Calculate integer power of float (including negative) even with Tensorflow compiled with AVX2 since –fast-math compiler flag aggressively optimize float operation which is common with AVX2 flag

Parameters:

• x (tf.Tensor) – identifier
• n (int) – an integer power (a float will be casted to integer!!)

Returns:

powered float(s)

Return type:

tf.Tensor

History:

2018-Aug-13 - Written - Henry Leung (University of Toronto)

from astroNN.nn import intpow_avx2
import tensorflow as tf

tf.enable_eager_execution()

print(intpow_avx2(tf.constant([-1.2]), 2))
>>> tf.Tensor([1.44], shape=(1,), dtype=float32)

print(tf.pow(tf.constant([-1.2]), 2))
# if your tensorflow is compiled with AVX2 or --fast-math
>>> tf.Tensor([nan], shape=(1,), dtype=float32)
# if your tensorflow is NOT compiled with AVX2 or --fast-math
>>> tf.Tensor([1.44], shape=(1,), dtype=float32)

NumPy Implementation of Tensorflow function - astroNN.nn.numpy

astroNN has some handy numpy implementation of a number of tensorflow functions. The list of available functions are

astroNN.nn.numpy.kl_divergence(x, y)

NumPy implementation of tf.distributions.kl_divergence

Either both x and y are ndarray or both x and y are astropy.Quatity, return without astropy units in all case

Parameters:

• x (Union[ndarray, float]) – prediction
• y (Union[ndarray, float]) – ground truth

Returns:

KL-divergence

Return type:

Union[ndarray, float]

History:

2018-May-13 - Written - Henry Leung (University of Toronto)

astroNN.nn.numpy.l1(x, l1=0.0)

NumPy implementation of tf.keras.regularizers.l1

Parameters:

• x (Union[ndarray, float]) – Data to have L1 regularization coefficient calculated
• l1 (Union[ndarray, float]) – L1 regularization parameter

Returns:

L1 regularization coefficient

Return type:

Union[ndarray, float]

History:

2018-Apr-11 - Written - Henry Leung (University of Toronto)

astroNN.nn.numpy.l2(x, l2=0.0)

NumPy implementation of tf.keras.regularizers.l2

Parameters:

• x (Union[ndarray, float]) – Data to have L2 regularization coefficient calculated
• l2 (Union[ndarray, float]) – L2 regularization parameter

Returns:

L2 regularization coefficient

Return type:

Union[ndarray, float]

History:

2018-Apr-11 - Written - Henry Leung (University of Toronto)

astroNN.nn.numpy.mean_absolute_error(x, y, axis=None)
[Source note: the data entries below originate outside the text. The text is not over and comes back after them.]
(* Let $r_1,r_2>0$ and $g,h\in\Gamma_0(\mathbb{R}^n)$. Then $e_{r_1}g+e_{r_2}h=e_{r_1+r_2}f$ for some $f\in\Gamma_0(\mathbb{R}^n)$; specifically, $$f(x)=\sup_{v\in\mathbb{R}^n}\Big\{\big[e_{r_1}g(x+v)-r_1q(v)\big]+\big[e_{r_2}h(x+v)-r_2q(v)\big]\Big\}.$$
   Context: $\Gamma_0(\mathbb{R}^n)$ is the set of proper convex lsc functions on $\mathbb{R}^n$; $e_rg(x)=\inf_y\{g(y)+\frac r2\|y-x\|^2\}$; $q=\frac12\|\cdot\|^2$. *)

From HB Require Import structures.
From mathcomp Require Import all_boot all_order all_algebra.
From mathcomp Require Import all_classical all_reals all_analysis.
Import numFieldNormedType.Exports.
Set Implicit Arguments. Unset Strict Implicit. Unset Printing Implicit Defensive.
Import Order.TTheory GRing.Theory Num.Theory.
Local Open Scope ring_scope.
Local Open Scope classical_set_scope.

Section Defs.
Context {R : realType} {n : nat}.
Implicit Types (f : 'rV[R]_n -> \bar R) (x y : 'rV[R]_n).

Definition q (v : 'rV[R]_n) : R := (\sum_(i < n) v ord0 i ^+ 2) / 2.

Definition proper_fun f : Prop :=
  (forall x, f x != -oo%E) /\ (exists x, f x != +oo%E).

(* convexity of an extended-real-valued function (epigraph is convex) *)
Definition convex_efun f : Prop :=
  forall x y (a b t : R), (f x <= a%:E)%E -> (f y <= b%:E)%E ->
    0 <= t <= 1 ->
    (f (t *: x + (1 - t) *: y)%R <= (t * a + (1 - t) * b)%R%:E)%E.

Definition Gamma0 f : Prop :=
  [/\ proper_fun f, convex_efun f & lower_semicontinuous f].

Definition menv (r : R) f (x : 'rV[R]_n) : \bar R :=
  ereal_inf [set (f y + (r * q (y - x)%R)%R%:E)%E | y in [set: 'rV[R]_n]].

End Defs.

From HB Require Import structures.
From mathcomp Require Import all_boot all_order all_algebra.
From mathcomp Require Import all_classical all_reals all_analysis.
From mathcomp Require Import ring lra.
Import numFieldNormedType.Exports.
Import Order.TTheory GRing.Theory Num.Theory.
Local Open Scope ring_scope.
Local Open Scope classical_set_scope.

(* Put phi := e_r1 g + e_r2 h, which is real-valued and convex, and
   f x := sup_v [phi (x + v) - (r1 + r2) q v], a supremum of convex functions of x
   which is also, after the change of variables w = x + v, a supremum of continuous
   functions of x; hence f is convex and lsc.  The inequality phi <= e_(r1+r2) f is
   immediate.  Conversely, if y1 and y2 nearly realize e_r1 g (x) and e_r2 h (x),
   the König-Huygens identity centred at their weighted barycenter y bounds
   f y + (r1 + r2) q (y - x) by g y1 + r1 q (y1 - x) + h y2 + r2 q (y2 - x). *)

Section quadratic.
Context {R : realType} {n : nat}.
Implicit Types (v w : 'rV[R]_n).

Lemma mulr_qE (k : R) v : k * q v = \sum_(i < n) k * v ord0 i ^+ 2 / 2.
Proof. by rewrite /q mulrA mulr_sumr mulr_suml. Qed.

Lemma qN v : q (- v) = q v.
Proof. by rewrite /q; congr (_ / _); apply: eq_bigr => i _; rewrite mxE sqrrN. Qed.

Lemma qB v w : q (v - w) = q (w - v).
Proof. by rewrite -opprB qN. Qed.

Lemma q_convex v w (t : R) : 0 <= t <= 1 ->
  q (t *: v + (1 - t) *: w) <= t * q v + (1 - t) * q w.
Proof.
move=> /andP[t0 t1]; rewrite -[q _]mul1r !mulr_qE -big_split /=.
apply: ler_sum => i _; rewrite !mxE.
have : 0 <= t * (1 - t) * (v ord0 i - w ord0 i) ^+ 2.
  by rewrite mulr_ge0 ?sqr_ge0 // mulr_ge0 // subr_ge0.
nra.
Qed.

Definition barycenter (r1 r2 : R) (y1 y2 : 'rV[R]_n) : 'rV[R]_n :=
  (r1 + r2)^-1 *: (r1 *: y1 + r2 *: y2).

(* König-Huygens: a weighted moment about z splits at the barycenter. *)
Lemma q_barycenter {r1 r2 : R} (y1 y2 z : 'rV[R]_n)
    (y := barycenter r1 r2 y1 y2) : r1 + r2 != 0 ->
  r1 * q (y1 - z) + r2 * q (y2 - z) =
  r1 * q (y1 - y) + r2 * q (y2 - y) + (r1 + r2) * q (z - y).
Proof.
move=> r12; rewrite !mulr_qE -!big_split /=; apply: eq_bigr => i _.
by rewrite /y /barycenter !mxE; field.
Qed.

(* `|v| is the sup norm of 'rV, not the Euclidean one. *)
Lemma sqr_norm_le_q v : `|v| ^+ 2 / 2 <= q v.
Proof.
rewrite ler_pM2r ?invr_gt0 // [`|v|]/Num.Def.normr /= mx_normrE.
apply: (big_ind (fun m => m ^+ 2 <= _)) => [|a b|[i j] _].
- by rewrite expr0n sumr_ge0 // => *; rewrite sqr_ge0.
- by move=> ha hb; rewrite maxEle; case: ifP.
- rewrite (ord1 i) real_normK ?num_real // (bigD1 j) //= lerDl.
  by rewrite sumr_ge0 // => *; rewrite sqr_ge0.
Qed.

Lemma mulr_norm_sub_q_le (K : R) {r : R} v : 0 < r ->
  K * `|v| - r * q v <= K ^+ 2 / (2 * r).
Proof.
move=> r0; have := sqr_norm_le_q v; rewrite -(ler_pM2l r0) => hq.
have : 0 <= (r * `|v| - K) ^+ 2 / (2 * r) by rewrite divr_ge0 ?sqr_ge0 // mulr_ge0 // ltW.
have -> : (r * `|v| - K) ^+ 2 / (2 * r) = r * (`|v| ^+ 2 / 2) - K * `|v| + K ^+ 2 / (2 * r).
  by field; rewrite gt_eqF.
lra.
Qed.

Lemma q_continuous : continuous (@q R n).
Proof.
have sum_sqr : continuous (fun v : 'rV[R]_n => \sum_(i < n) v ord0 i ^+ 2).
  apply: (@continuous_big R^o _ +%R 0 xpredT (@add_continuous R^o)) => i _ v.
  apply: (@continuous_comp _ _ _ (fun w : 'rV[R]_n => w ord0 i)
    (fun x : R => x ^+ 2)).
    exact: coord_continuous.
  exact: exprn_continuous.
by move=> v; apply: cvgMr_tmp (sum_sqr v).
Qed.

End quadratic.

Section semicontinuity.
Context {X : topologicalType} {R : realType}.

Lemma lower_semicontinuous_ereal_sup (I : Type) (F : I -> X -> \bar R) :
  (forall i, lower_semicontinuous (F i)) ->
  lower_semicontinuous (fun x => ereal_sup [set F i x | i in [set: I]]).
Proof.
move=> Flsc x a /ereal_sup_gt [_ [i _ <-] aFix].
have [V xV aFV] := Flsc i x a aFix.
exists V => // y /aFV /lt_le_trans; apply; apply: ereal_sup_ubound; by exists i.
Qed.

Lemma continuous_lower_semicontinuous (f : X -> R) :
  continuous f -> lower_semicontinuous (fun x => (f x)%:E).
Proof.
move=> fc x a; rewrite lte_fin => afx.
by exists [set y | a < f y]; [exact: cvgr_gt (fc x) _ afx|].
Qed.

End semicontinuity.

Section moreau_envelope.
Context {R : realType} {n : nat}.
Implicit Types (g : 'rV[R]_n -> \bar R) (x y : 'rV[R]_n).

Lemma proper_fun_fin {g} : proper_fun g -> exists x (a : R), g x = a%:E.
Proof.
case=> gNy [x gxy]; exists x, (fine (g x)).
by rewrite fineK // fin_numE gxy gNy.
Qed.

(* g > g x0 - 1 on a ball around x0, and convexity along the segment from x0
   to y turns this into a lower bound at y which degrades linearly with the distance. *)
Lemma Gamma0_norm_minorant {g} : Gamma0 g ->
  exists x0 (c K : R), 0 <= K /\ forall y, ((c - K * `|y - x0|)%:E <= g y)%E.
Proof.
case=> gP gc glsc; have [x0 [gx gx0]] := proper_fun_fin gP.
have : ((gx - 1)%:E < g x0)%E by rewrite gx0 lte_fin ltrBlDr ltrDl.
move=> /(glsc x0) [V /nbhs_ballP [del /= del0 ballV] gV].
exists x0, (gx - 1), del^-1; split => [|y]; first by rewrite invr_ge0 ltW.
set w := y - x0; have w0 : 0 <= `|w| by [].
set t := del / (del + `|w|).
have t0 : 0 < t by rewrite divr_gt0 // ltr_wpDr.
have t1 : t <= 1 by rewrite ler_pdivrMr ?ltr_wpDr // mul1r lerDl.
have tw : t * (1 + del^-1 * `|w|) = 1 by rewrite /t; field; rewrite !gt_eqF ?ltr_wpDr.
have zV : V (t *: y + (1 - t) *: x0).
  apply: ballV; rewrite -ball_normE /ball_ /=.
  have -> : x0 - (t *: y + (1 - t) *: x0) = - (t *: w).
    by apply/matrixP => i j; rewrite !mxE; ring.
  rewrite normrN normrZ gtr0_norm // /t mulrAC ltr_pdivrMr ?ltr_wpDr //.
  by rewrite ltr_pM2l // ltrDr.
case gy : (g y) => [b| |]; [|by rewrite leey|by case: gP => /(_ y); rewrite gy].
have := gc y x0 b gx t; rewrite gy gx0 !lexx t1 (ltW t0) => /(_ isT isT isT).
move=> /(lt_le_trans (gV _ zV)); rewrite lte_fin lee_fin -(ler_pM2l t0) => hlt.
have -> : t * (gx - 1 - del^-1 * `|w|) = t * gx - t * (1 + del^-1 * `|w|) by ring.
rewrite tw; lra.
Qed.

Lemma menv_le (r : R) g x y : (menv r g x <= g y + (r * q (y - x))%:E)%E.
Proof. by apply: ereal_inf_lbound; exists y. Qed.

Lemma menv_lt (r b : R) g x : (menv r g x < b%:E)%E ->
  exists y, (g y < (b - r * q (y - x))%:E)%E.
Proof. by move=> /ereal_inf_lt [_ [y _ <-] gyb]; exists y; rewrite EFinB lteBrDr. Qed.

Lemma menv_fin_num (r : R) g x : 0 < r -> Gamma0 g -> menv r g x \is a fin_num.
Proof.
move=> r0 gG; rewrite fin_numElt; apply/andP; split.
  have [x0 [c [K [K0 gK]]]] := Gamma0_norm_minorant gG.
  apply: (@lt_le_trans _ _ (c - K * `|x - x0| - K ^+ 2 / (2 * r))%:E).
    exact: ltNyr.
  apply: le_ereal_inf_tmp => _ [y _ <-].
  apply: le_trans (leeD (gK y) (lexx _)); rewrite -EFinD lee_fin.
  have : `|y - x0| <= `|y - x| + `|x - x0|.
    by rewrite (le_trans _ (ler_normD _ _)) // addrA subrK.
  move=> /(ler_wpM2l K0); have := mulr_norm_sub_q_le K (y - x) r0; lra.
case: gG => /proper_fun_fin [x1 [a gx1]] _ _.
by apply: le_lt_trans (menv_le r g x x1) _; rewrite gx1 -EFinD ltry.
Qed.

Lemma fine_menv_le {r a : R} {g y} x : 0 < r -> Gamma0 g -> (g y <= a%:E)%E ->
  fine (menv r g x) <= a + r * q (y - x).
Proof.
move=> r0 gG gya; rewrite -lee_fin fineK ?menv_fin_num // EFinD.
exact: le_trans (menv_le r g x y) (leeD gya (lexx _)).
Qed.

Lemma menv_convex (r : R) g : 0 <= r -> convex_efun g -> convex_efun (menv r g).
Proof.
move=> r0 gc x y a b t gxa gyb t01; have /andP[t0 t1] := t01.
apply/lee_addgt0Pr => e e0.
have [y1 gy1] : exists y1, (g y1 < (a + e - r * q (y1 - x))%:E)%E.
  by apply: menv_lt; apply: le_lt_trans gxa _; rewrite lte_fin ltrDl.
have [y2 gy2] : exists y2, (g y2 < (b + e - r * q (y2 - y))%:E)%E.
  by apply: menv_lt; apply: le_lt_trans gyb _; rewrite lte_fin ltrDl.
set z := t *: y1 + (1 - t) *: y2.
apply: le_trans (menv_le r g _ z) _.
apply: le_trans (leeD (gc _ _ _ _ t (ltW gy1) (ltW gy2) t01) (lexx _)) _.
rewrite -!EFinD lee_fin.
have : q (z - (t *: x + (1 - t) *: y)) <= t * q (y1 - x) + (1 - t) * q (y2 - y).
  have -> : z - (t *: x + (1 - t) *: y) = t *: (y1 - x) + (1 - t) *: (y2 - y).
    by apply/matrixP => i j; rewrite !mxE; ring.
  exact: q_convex.
move=> /(ler_wpM2l r0); lra.
Qed.

Lemma fine_menv_convex {r : R} {g} x y {t : R} : 0 < r -> Gamma0 g -> 0 <= t <= 1 ->
  fine (menv r g (t *: x + (1 - t) *: y)) <=
    t * fine (menv r g x) + (1 - t) * fine (menv r g y).
Proof.
move=> r0 gG t01; have [_ gc _] := gG.
rewrite -lee_fin fineK ?menv_fin_num //.
by apply: menv_convex (ltW r0) gc _ _ _ _ _ _ _ t01; rewrite fineK ?menv_fin_num.
Qed.

End moreau_envelope.

Section deconvolution.
Context {R : realType} {n : nat}.
Variables (c : R) (phi : 'rV[R]_n -> R).

(* Hiriart-Urruty's deconvolution of phi by c q; it inverts the Moreau envelope e_c
   on its range. *)
Definition deconv (x : 'rV[R]_n) : \bar R :=
  ereal_sup [set (phi (x + v) - c * q v)%:E | v in [set: 'rV[R]_n]].

Lemma deconv_ge x v : ((phi (x + v) - c * q v)%:E <= deconv x)%E.
Proof. by apply: ereal_sup_ubound; exists v. Qed.

Lemma deconv_neqNy x : deconv x != -oo%E.
Proof. by rewrite gt_eqF // (lt_le_trans _ (deconv_ge x 0)) ?ltNyr. Qed.

Lemma deconvE x :
  deconv x = ereal_sup [set (phi w - c * q (w - x))%:E | w in [set: 'rV[R]_n]].
Proof.
congr ereal_sup; apply/seteqP; split => _ [v _ <-].
  by exists (x + v) => //; rewrite addrAC subrr add0r.
by exists (v - x) => //; rewrite addrCA subrr addr0.
Qed.

Lemma deconv_lsc : lower_semicontinuous deconv.
Proof.
rewrite (funext deconvE).
have := @lower_semicontinuous_ereal_sup 'rV[R]_n R _
  (fun w x => (phi w - c * q (w - x))%:E).
apply=> w; apply: continuous_lower_semicontinuous => x.
apply: (@continuousB R R^o 'rV[R]_n); first exact: cst_continuous.
apply: continuousM; first exact: cst_continuous.
apply: continuous_comp; last exact: q_continuous.
by apply: continuousB; [exact: cst_continuous | exact: cvg_id].
Qed.

Lemma deconv_convex : convex_efun (fun x => (phi x)%:E) -> convex_efun deconv.
Proof.
move=> phic x y a b t xa yb t01; apply: ge_ereal_sup => _ [v _ <-].
have phi_le z d : (deconv z <= d%:E)%E -> ((phi (z + v))%:E <= (d + c * q v)%:E)%E.
  by move=> zd; rewrite lee_fin -lerBlDr -lee_fin (le_trans (deconv_ge z v) zd).
have := phic _ _ _ _ t (phi_le _ _ xa) (phi_le _ _ yb) t01.
have -> : t *: (x + v) + (1 - t) *: (y + v) = t *: x + (1 - t) *: y + v.
  by apply/matrixP => i j; rewrite !mxE; ring.
rewrite !lee_fin; lra.
Qed.

Lemma menv_deconv_ge x : ((phi x)%:E <= menv c deconv x)%E.
Proof.
apply: le_ereal_inf_tmp => _ [y _ <-].
apply: le_trans (leeD (deconv_ge y (x - y)) (lexx _)).
by rewrite -EFinD lee_fin addrCA subrr addr0 qB subrK.
Qed.

End deconvolution.

Section menv_sum.
Context {R : realType} {n : nat}.
Variables (r1 r2 : R) (g h : 'rV[R]_n -> \bar R).
Hypotheses (r1_gt0 : 0 < r1) (r2_gt0 : 0 < r2) (gG : Gamma0 g) (hG : Gamma0 h).

Let phi x := fine (menv r1 g x) + fine (menv r2 h x).
Let r12_neq0 : r1 + r2 != 0. Proof. by rewrite gt_eqF ?addr_gt0. Qed.

Lemma menv_sumE x : (phi x)%:E = (menv r1 g x + menv r2 h x)%E.
Proof. by rewrite EFinD !fineK ?menv_fin_num. Qed.

Lemma menv_sum_convex : convex_efun (fun x => (phi x)%:E).
Proof.
move=> x y a b t; rewrite !lee_fin => xa yb t01.
have /andP[t0 t1] := t01; have t1' : 0 <= 1 - t by rewrite subr_ge0.
have := fine_menv_convex x y r1_gt0 gG t01.
have := fine_menv_convex x y r2_gt0 hG t01.
have := ler_wpM2l t0 xa.
have := ler_wpM2l t1' yb.
rewrite /phi; lra.
Qed.

Lemma deconv_menv_sum_le {y1 y2 : 'rV[R]_n} {a b : R}
    (y := barycenter r1 r2 y1 y2) : (g y1 <= a%:E)%E -> (h y2 <= b%:E)%E ->
  (deconv (r1 + r2) phi y <= (a + b + (r1 * q (y1 - y) + r2 * q (y2 - y)))%:E)%E.
Proof.
move=> gy1 hy2; apply: ge_ereal_sup => _ [v _ <-]; rewrite lee_fin.
have := fine_menv_le (y + v) r1_gt0 gG gy1.
have := fine_menv_le (y + v) r2_gt0 hG hy2.
have := q_barycenter y1 y2 (y + v) r12_neq0; rewrite -/y [y + v - y]addrC addKr.
rewrite /phi; lra.
Qed.

Lemma deconv_menv_sum_proper : proper_fun (deconv (r1 + r2) phi).
Proof.
split; first exact: deconv_neqNy.
have [[/proper_fun_fin [y1 [a gy1]] _ _] [/proper_fun_fin [y2 [b hy2]] _ _]] := (gG, hG).
have [gy1a hy2b] : (g y1 <= a%:E)%E /\ (h y2 <= b%:E)%E by rewrite gy1 hy2.
exists (barycenter r1 r2 y1 y2).
by rewrite lt_eqF // (le_lt_trans (deconv_menv_sum_le gy1a hy2b)) ?ltry.
Qed.

Lemma menv_deconv_menv_sum x : menv (r1 + r2) (deconv (r1 + r2) phi) x = (phi x)%:E.
Proof.
apply/eqP; rewrite eq_le menv_deconv_ge andbT; apply/lee_addgt0Pr => e e0.
have e20 : 0 < e / 2 by rewrite divr_gt0.
have [y1 gy1] : exists y1, (g y1 < (fine (menv r1 g x) + e / 2 - r1 * q (y1 - x))%:E)%E.
  by apply: menv_lt; rewrite -[X in (X < _)%E]fineK ?menv_fin_num // lte_fin ltrDl.
have [y2 hy2] : exists y2, (h y2 < (fine (menv r2 h x) + e / 2 - r2 * q (y2 - x))%:E)%E.
  by apply: menv_lt; rewrite -[X in (X < _)%E]fineK ?menv_fin_num // lte_fin ltrDl.
set y := barycenter r1 r2 y1 y2.
apply: le_trans (menv_le _ _ x y) _.
apply: le_trans (leeD (deconv_menv_sum_le (ltW gy1) (ltW hy2)) (lexx _)) _.
rewrite -!EFinD lee_fin (qB y x).
have := q_barycenter y1 y2 x r12_neq0; rewrite /= -/y /phi; lra.
Qed.

Lemma deconv_menv_sumE x : deconv (r1 + r2) phi x =
  ereal_sup [set ((menv r1 g (x + v) - (r1 * q v)%:E) +
                  (menv r2 h (x + v) - (r2 * q v)%:E))%E | v in [set: 'rV[R]_n]].
Proof.
congr ereal_sup; apply: eq_imagel => v _.
rewrite -[menv r1 g _]fineK ?menv_fin_num // -[menv r2 h _]fineK ?menv_fin_num //.
by rewrite -!EFinB -EFinD /phi; congr _%:E; ring.
Qed.

End menv_sum.

Theorem corollary4p41 (R : realType) (n : nat) (r1 r2 : R)
    (g h : 'rV[R]_n -> \bar R) :
  0 < r1 -> 0 < r2 -> Gamma0 g -> Gamma0 h ->
  exists f : 'rV[R]_n -> \bar R,
    [/\ Gamma0 f,
        (forall x, (menv r1 g x + menv r2 h x)%E = menv (r1 + r2) f x) &
        (forall x, f x = ereal_sup
           [set ((menv r1 g (x + v) - (r1 * q v)%:E) +
                 (menv r2 h (x + v) - (r2 * q v)%:E))%E
           | v in [set: 'rV[R]_n]])].
Proof.
move=> r1_gt0 r2_gt0 gG hG.
pose phi x := fine (menv r1 g x) + fine (menv r2 h x).
exists (deconv (r1 + r2) phi); split.
- split; first exact: deconv_menv_sum_proper.
    exact/deconv_convex/menv_sum_convex.
  exact: deconv_lsc.
- by move=> x; rewrite menv_deconv_menv_sum // menv_sumE.
- by move=> x; rewrite deconv_menv_sumE.
Qed.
NumPy implementation of tf.keras.metrics.mean_absolute_error with capability to deal with magicnumber and astropy Quantity

Either both x and y are ndarray or both x and y are astropy.Quatity, return without astropy units in all case

Parameters:

• x (Union[ndarray, float, astropy.Quatity]) – prediction
• y (Union[ndarray, float, astropy.Quatity]) – ground truth
• axis (Union[NoneType, int]) – NumPy axis

Raise:

TypeError when only either x or y contains astropy units. Both x, y should carry/not carry astropy units at the same time

Returns:

Mean Absolute Error

Return type:

Union[ndarray, float]

History:

2018-Apr-11 - Written - Henry Leung (University of Toronto)

astroNN.nn.numpy.mean_absolute_percentage_error(x, y, axis=None)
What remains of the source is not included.